数据集:https://www.microsoft.com/en-us/download/confirmation.aspx?id=54765
猫和狗的图片各自有12500张。
第一步
整理数据集,查看各类别图片的分辨率,发现猫和狗图片的分辨率都毫无规律,且不少于10种。
import os
import numpy as np
from matplotlib import pyplot as plt
from PIL import Image
dogs_dir = os.listdir(r'D:\kaggle\data\Dog')
cats_dir = os.listdir(r'D:\kaggle\data\Cat')
dog_shapes = []
cat_shapes = []
os.chdir(r'D:\kaggle\data\Dog')
for each in dogs_dir:
img = np.array(Image.open(each))
if img.shape not in dog_shapes:
dog_shapes.append(img.shape)
print('已知狗的图片分辨率有%d种'%(len(dog_shapes)))
if len(dog_shapes) == 10:
print('分辨率不少于10种')
break
print('\n')
os.chdir(r'D:\kaggle\data\Cat')
for each in cats_dir:
img = np.array(Image.open(each))
if img.shape not in cat_shapes:
cat_shapes.append(img.shape)
print('已知猫的图片分辨率有%d种'%(len(cat_shapes)))
if len(cat_shapes) == 10:
print('分辨率不少于10种')
break
第二步
数据预处理(裁剪,筛选,洗牌),然后保存成.npy文件,有些图片只有一个通道,所以没有选入数据集(大概60张左右,影响不大)。
import numpy as np
import os
from PIL import Image
from matplotlib import pyplot as plt
from sklearn.utils import shuffle
import warnings
warnings.filterwarnings("error", category=UserWarning)#捕获警告
dogs_dir = os.listdir(r'D:\kaggle\data\Dog')

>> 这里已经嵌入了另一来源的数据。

Lemma objective_min (zeta theta : 'I_K -> R) :
  \sum_k zeta k = 1 / M%:R -> (forall k, 0 < theta k) ->
  (forall k, theta k <= zeta k / tw (r k) - \sum_(l < K | (l < k)%N) zeta l) ->
  \sum_k ph k * r k * (b k 0 / D) ^- n <= \sum_k ph k * r k * theta k ^- n.
Proof.
move=> sum_zeta theta_gt0 theta_le.
have sum_weights_theta : \sum_k w k 0 * theta k <= 1 / M%:R.
  rewrite -sum_zeta.
  have -> : \sum_k zeta k = \sum_k (\col_k zeta k) k 0 by apply: eq_bigr => k _; rewrite mxE.
  rewrite -(weights_dot_Lmx r_gt0).
  apply: ler_sum => k _; apply: ler_wpM2l; first exact/ltW/weights_gt0.
  by rewrite Lmx_mulE // mxE; under eq_bigr do rewrite mxE; exact: theta_le.
have tangent k : ph k * r k * (b k 0 / D) ^- n - ph k * r k * theta k ^- n <=
                 D ^+ n.+1 * (w k 0 * theta k - w k 0 * (b k 0 / D)).
  rewrite -!mulrBr mulrA -objective_gradient_tstar -mulrA.
  apply: ler_wpM2l; first by rewrite mulr_ge0 ?ltW.
  exact/expfV_tangent/theta_gt0/divr_gt0/den_gt0/bvec_gt0.
rewrite -subr_ge0 -opprB oppr_ge0 -sumrB.
apply: le_trans (ler_sum _ (fun k _ => tangent k)) _.
rewrite -mulr_sumr sumrB sum_weights_tstar mulr_ge0_le0 ?subr_le0 //.
by rewrite exprn_ge0 // ltW // den_gt0.
Qed.

End SingleStream.

Lemma ler_scaled_exprM (R : realFieldType) (A q g g' : R) p : 0 < g -> g <= g' ->
  0 < A * (q * g) ^+ p -> A * (q * g) ^+ p <= A * (q * g') ^+ p.
Proof.
move=> g_gt0 g_le; rewrite !exprMn !mulrA => lhs_gt0.
have Aq_gt0 : 0 < A * q ^+ p by rewrite -(pmulr_lgt0 _ (exprn_gt0 p g_gt0)).
apply: ler_wpM2l; first exact: ltW.
by apply: lerXn2r => //; rewrite nnegrE ltW // (lt_le_trans g_gt0).
Qed.

Lemma phi_mono (R : realType) (Nt Nr M K : nat) (Rt : 'M[R[i]]_Nt) (Rr : 'M[R[i]]_Nr)
  (lam : 'I_Nr -> R) (V : 'M[R[i]]_(Nt, M)) (gam Kc alpha : R) (d : 'I_K -> R) m :
  0 < gam -> 0 < Kc -> 0 <= alpha -> (forall k, 0 < d k) ->
  (forall k l : 'I_K, (k <= l)%N -> d k <= d l) ->
  (forall k, 0 < phi Rt Rr lam V gam Kc alpha d m k) ->
  forall k i : 'I_K, (k <= i)%N ->
  phi Rt Rr lam V gam Kc alpha d m k <= phi Rt Rr lam V gam Kc alpha d m i.
Proof.
move=> gam_gt0 Kc_gt0 alpha_ge0 d_gt0 d_mono phi_gt0 k i ki.
have gain_le : (gam * (Kc * powR (d k) (- alpha)))^-1 <= (gam * (Kc * powR (d i) (- alpha)))^-1.
  rewrite !powRN !invfM !invrK !ler_pM2l ?invr_gt0 //.
  by apply: ge0_ler_powR; rewrite ?nnegrE ?d_mono // ltW.
have gain_gt0 : 0 < (gam * (Kc * powR (d k) (- alpha)))^-1.
  by rewrite invr_gt0 !mulr_gt0 ?powR_gt0.
by move: (phi_gt0 k); rewrite /phi /=; case: ifP => _; apply: ler_scaled_exprM.
Qed.

Theorem theorem1 (R : realType) (Nt Nr M K : nat)
  (HNt : (0 < Nt)%N) (HNr : (0 < Nr)%N) (HM : (0 < M)%N) (HK : (0 < K)%N)
  (HMle : (M <= minn Nt Nr)%N)
  (Rt : 'M[R[i]]_Nt) (Rr : 'M[R[i]]_Nr)
  (HRt : herm_pd Rt) (HRr : herm_pd Rr)
  (lam : 'I_Nr -> R) (Hlam : eigenvalues_of Rr lam)
  (V : 'M[R[i]]_(Nt, M))
  (HV : forall j : 'I_M, \sum_(i < Nt) V i j * conjc (V i j) = 1)
  (HRtp : Rtp Rt V \in unitmx)
  (gam Kc alpha : R) (Hgam : 0 < gam) (HKc : 0 < Kc) (Halpha : 2 <= alpha)
  (d : 'I_K -> R) (Hd : forall k, 0 < d k)
  (Hdsort : forall k l : 'I_K, (k <= l)%N -> d k <= d l)
  (rate : 'I_M -> 'I_K -> R) (Hrate : forall m k, 0 < rate m k)
  (Hphi : forall m k, 0 < phi Rt Rr lam V gam Kc alpha d m k) :
  let ph := phi Rt Rr lam V gam Kc alpha d in
  let n := (Nr - M + 1)%N in
  feasible rate (zstar n ph rate) (tstar n ph rate) /\
  (forall zeta theta : 'I_M -> 'I_K -> R, feasible rate zeta theta ->
     objective n ph rate (tstar n ph rate) <= objective n ph rate theta) /\
  (forall (m : 'I_M) (k : 'I_K),
     tstar n ph rate m k =
     ((avec (rate m) k)^T *m invmx (Lmx (rate m)) *m bvec n (ph m) (rate m)) 0 0
       / den M n (ph m) (rate m)).
Proof.
move=> ph n.
have n_gt0 : (0 < n)%N by rewrite /n addn1.
have ph_mono m : forall k i : 'I_K, (k <= i)%N -> ph m k <= ph m i.
  by apply: phi_mono => //; apply: le_trans Halpha.
have D_gt0 m : 0 < den M n (ph m) (rate m) := den_gt0 (Hrate m) (Hphi m) n_gt0 HM HK.
have tstarE m k : tstar n ph rate m k = bvec n (ph m) (rate m) k 0 / den M n (ph m) (rate m).
  exact: (Lmx_zstar _ _ _ (Hrate m)).
split; [|split].
- split; [|split; [|split]] => m.
  + exact: (sum_zstar (Hrate m) (Hphi m) n_gt0 HM HK).
  + move=> k; rewrite divr_gt0 ?D_gt0 // (invLmx_mul_gt0 (Hrate m)) // => l.
    exact: (bvec_gt0 (Hrate m) (Hphi m) n_gt0).
  + by move=> k; rewrite tstarE divr_gt0 ?D_gt0 ?(bvec_gt0 (Hrate m) (Hphi m) n_gt0).
  + move=> k i ki; rewrite -[_ - _]/(tstar n ph rate m i) !tstarE.
    by rewrite ler_pM2r ?invr_gt0 ?D_gt0 ?(bvec_mono (Hrate m) (Hphi m) (ph_mono m) n_gt0).
- move=> zeta theta [sum_zeta [_ [theta_gt0 theta_le]]].
  apply: ler_sum => m _; under eq_bigr do rewrite tstarE.
  by apply: (objective_min (Hrate m) (Hphi m) n_gt0 HM HK (sum_zeta m)) => // k; apply: theta_le.
- by move=> m k; rewrite tstarE (avec_invLmx_mulE (Hrate m)).
Qed.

cats_dir = os.listdir(r'D:\kaggle\data\Cat')
#训练集 11961:111935 测试集 498:500 狗:猫
#猫的标签[1,0] 狗的标签[0,1]
train_batches = []
train_labels = []
test_batches = []
test_labels = []
os.chdir(r'D:\kaggle\data\Dog')
for idx,each in enumerate(dogs_dir):
try:
img = Image.open(each)
img = np.array(img.resize((224,224),Image.ANTIALIAS))
except:
plt.imshow(img)
plt.show()
if img.shape !=(224,224,3):
continue
if idx >= 12000:
test_batches.append(img)
test_labels.append(np.array([0,1]))
if (idx+1) %100 == 0:
print('狗图片的测试集已完成:{:.2f}%'.format((len(test_batches)/500)*100))
else:
train_batches.append(img)
train_labels.append(np.array([0,1]))
if (idx+1) %100 == 0:
print('狗图片的训练集已完成:{:.2f}%'.format((len(train_batches)/12000)*100))
print('\n')
os.chdir(r'D:\kaggle\data\Cat')
for idx,each in enumerate(cats_dir):
try:
img = Image.open(each)
img = np.array(img.resize((224,224),Image.ANTIALIAS))
except:
plt.imshow(img)
plt.show()
if img.shape !=(224,224,3):
continue
if idx >= 12000:
test_batches.append(img)
test_labels.append(np.array([1,0]))
if (idx+1) %100 == 0:
print('猫图片的测试集已完成:{:.2f}%'.format(((len(test_batches)-500)/500)*100))
else:
train_batches.append(img)
train_labels.append(np.array([1,0]))
if (idx+1) %100 == 0:
print('猫图片的训练集已完成:{:.2f}%'.format(((len(train_batches)-12000)/12000)*100))
#打乱数据
train = shuffle(train_batches,train_labels)
test = shuffle(test_batches,test_labels)
#把dataset以npy格式保存
os.chdir(r'D:\kaggle')
np.save('train_batches.npy',train[0])
np.save('train_labels.npy',train[1])
np.save('test_batches.npy',test[0])
np.save('test_labels.npy',test[1])
第三步
建模(训练模型,评估模型,保存模型)
由于内存不够,只能取部分数据集进行训练,但训练集和测试集准确率还是能达到百分之七十以上。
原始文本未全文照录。